# The Proof of the Divisibility by 3

In the previous post, we have discussed about divisibility by 2. In this post, we discuss about divisibility by 3.

Rule: A number is divisible by 3 if the sum of the digits is divisible by 3.

The number 321 is divisible by 3 because 3 + 2 + 1 = 6 is divisible by 3. On the other hand, the number 185 is not divisible by 3 because 1 + 8 + 5 = 14 is not divisible by 3. Now, why does this rule work?

Notice how the numbers are represented in expanded notation: $534 = 5(100) + 3(10) + 4$ $185 = 1(100) +8(10) + 5$

This means that number in hundreds can be represented as $100h + 10t + u$

where h, t, u are the hundreds, tens, and units digits. Now, we can represent $100h + 10t + u$ as $(99h + h) + (9t + t) + u$ and regroup the terms as $(99h + 9t) + (h + t + u)$.

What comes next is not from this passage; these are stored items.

Lemma incidence_basisP S : incidence_basis S <->
  #|S| = n /\ free_cols (fun i p => incidence e (lift r i) p : R) S.
Proof.
have minorE : col_minor (r, r) (fun i p => incidence e (lift r i) p : R) S =
              (col_minor (r, r) (fun i p => incidence e (lift r i) p : int) S)%:~R.
  by apply: col_minor_map => i p; rewrite incidence_map.
rewrite /incidence_basis -(intr_eq0 R) -minorE; split => [/andP [/eqP cardS minorS]|].
  by split=> //; apply/(free_cols_minor _ (r, r) cardS).
by case=> cardS /(free_cols_minor _ (r, r) cardS) minorS; rewrite cardS eqxx.
Qed.

Lemma incidence_flow_balance (C : {set 'I_n.+1 * 'I_n.+1}) (x : 'I_n.+1 -> 'I_n.+1 -> R) :
  (forall p, p \in C -> e p.1 p.2) ->
  (forall k, \sum_(j | (j, k) \in C) x j k - \sum_(j | (k, j) \in C) x k j = g k - d k) ->
  forall u, \sum_p incidence e u p * flow_vector C x p = d u - g u.
Proof. by move=> C_edges cons u; rewrite incidence_flow_vector // -opprB cons opprB. Qed.

Lemma feasible_config_basis C : feasible_config e g d xbar C ->
  exists2 S, incidence_basis S & edge_set C \subset S.
Proof.
case=> C_edges [_ forest] _.
have [S sub_CS [cardS freeS]] :=
  free_cols_extend (reduced_incidence_row_free (r := r) e_sym e_conn)
                   (free_cols_edge_set (F := R) (r := r) e_sym C_edges forest).
by exists S => //; apply/incidence_basisP.
Qed.

Lemma feasible_config_unique C1 C2 S :
  feasible_config e g d xbar C1 -> feasible_config e g d xbar C2 -> incidence_basis S ->
  edge_set C1 \subset S -> edge_set C2 \subset S -> C1 = C2.
Proof.
move=> [C1_edges [dag1 _] [x1 [x1_bnd cons1]]] [C2_edges [dag2 _] [x2 [x2_bnd cons2]]].
move=> /incidence_basisP [_ freeS] sub1 sub2.
have y12 : flow_vector C1 x1 =1 flow_vector C2 x2.
  apply: (free_cols_eq freeS) => [p | p | i]; try exact: flow_vector_notin.
  by rewrite !incidence_flow_balance.
apply/setP => -[a c].
rewrite (mem_flow_vector dag1 (fun a c ac => (x1_bnd a c ac).1)) !y12.
by rewrite -(mem_flow_vector dag2 (fun a c ac => (x2_bnd a c ac).1)).
Qed.

End FeasibleConfigurations.

Theorem lemma1 (R : realFieldType) (n : nat) (e : rel 'I_n.+1)
  (Vg : {set 'I_n.+1}) (g d : 'I_n.+1 -> R) (xbar : 'I_n.+1 -> 'I_n.+1 -> R)
  (e_sym : symmetric e) (e_irr : irreflexive e)
  (e_conn : forall x y, connect e x y)
  (g_pos : forall i, i \in Vg -> 0 < g i)
  (g_zero : forall i, i \notin Vg -> g i = 0)
  (d_pos : forall j, j \notin Vg -> 0 < d j)
  (d_zero : forall j, j \in Vg -> d j = 0)
  (balance : \sum_i g i = \sum_j d j)
  (xbar_ge0 : forall i j, e i j -> 0 <= xbar i j)
  (r : 'I_n.+1) :
  (#|feasible_configs e g d xbar|)%:Z <= \det (laplacian_cofactor e r).
Proof.
have -> : laplacian_cofactor e r =
    \matrix_(i, j) \sum_p incidence e (lift r i) p * incidence e (lift r j) p.
  apply/matrixP => i j.
  by rewrite [RHS]mxE (incidence_gram e_sym e_irr) /laplacian_cofactor !mxE.
rewrite (cauchy_binet_gram (r, r)); apply: le_trans (card_neq0_le_sum_sqr _ _).
rewrite lez_nat; set CF := feasible_configs e g d xbar.
have feasibleP C : C \in CF -> feasible_config e g d xbar C by rewrite inE => /asboolP.
pose basis_of C := odflt set0 [pick S | incidence_basis e r S && (edge_set C \subset S)].
have basis_ofP C :
    C \in CF -> incidence_basis e r (basis_of C) && (edge_set C \subset basis_of C).
  move=> /feasibleP /(feasible_config_basis r e_sym e_conn) [S basisS subS].
  by rewrite /basis_of; case: pickP => [//|/(_ S)]; rewrite basisS subS.
rewrite -(card_in_imset (f := basis_of) (D := CF)) => [|C1 C2 C1F C2F eq_basis].
  apply: subset_leq_card; apply/subsetP => _ /imsetP [C CF_C ->].
  by rewrite inE; case/andP: (basis_ofP C CF_C).
have /andP [basis1 sub1] := basis_ofP C1 C1F; have /andP [_ sub2] := basis_ofP C2 C2F.
apply: (feasible_config_unique e_sym e_irr (feasibleP _ C1F) (feasibleP _ C2F) basis1 sub1).
by rewrite eq_basis.
Qed.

Of course, $99h + 9t$ is divisible by 3, so it only remains to show that $h + t + u$ is divisible by 3. But, $h + t + u$ is the sum of the digits of a 3-digit number. This proves (for three digit numbers) that the rule above is true.

Although the proof above works only for 3-digit numbers,  it can be done to any number of digits.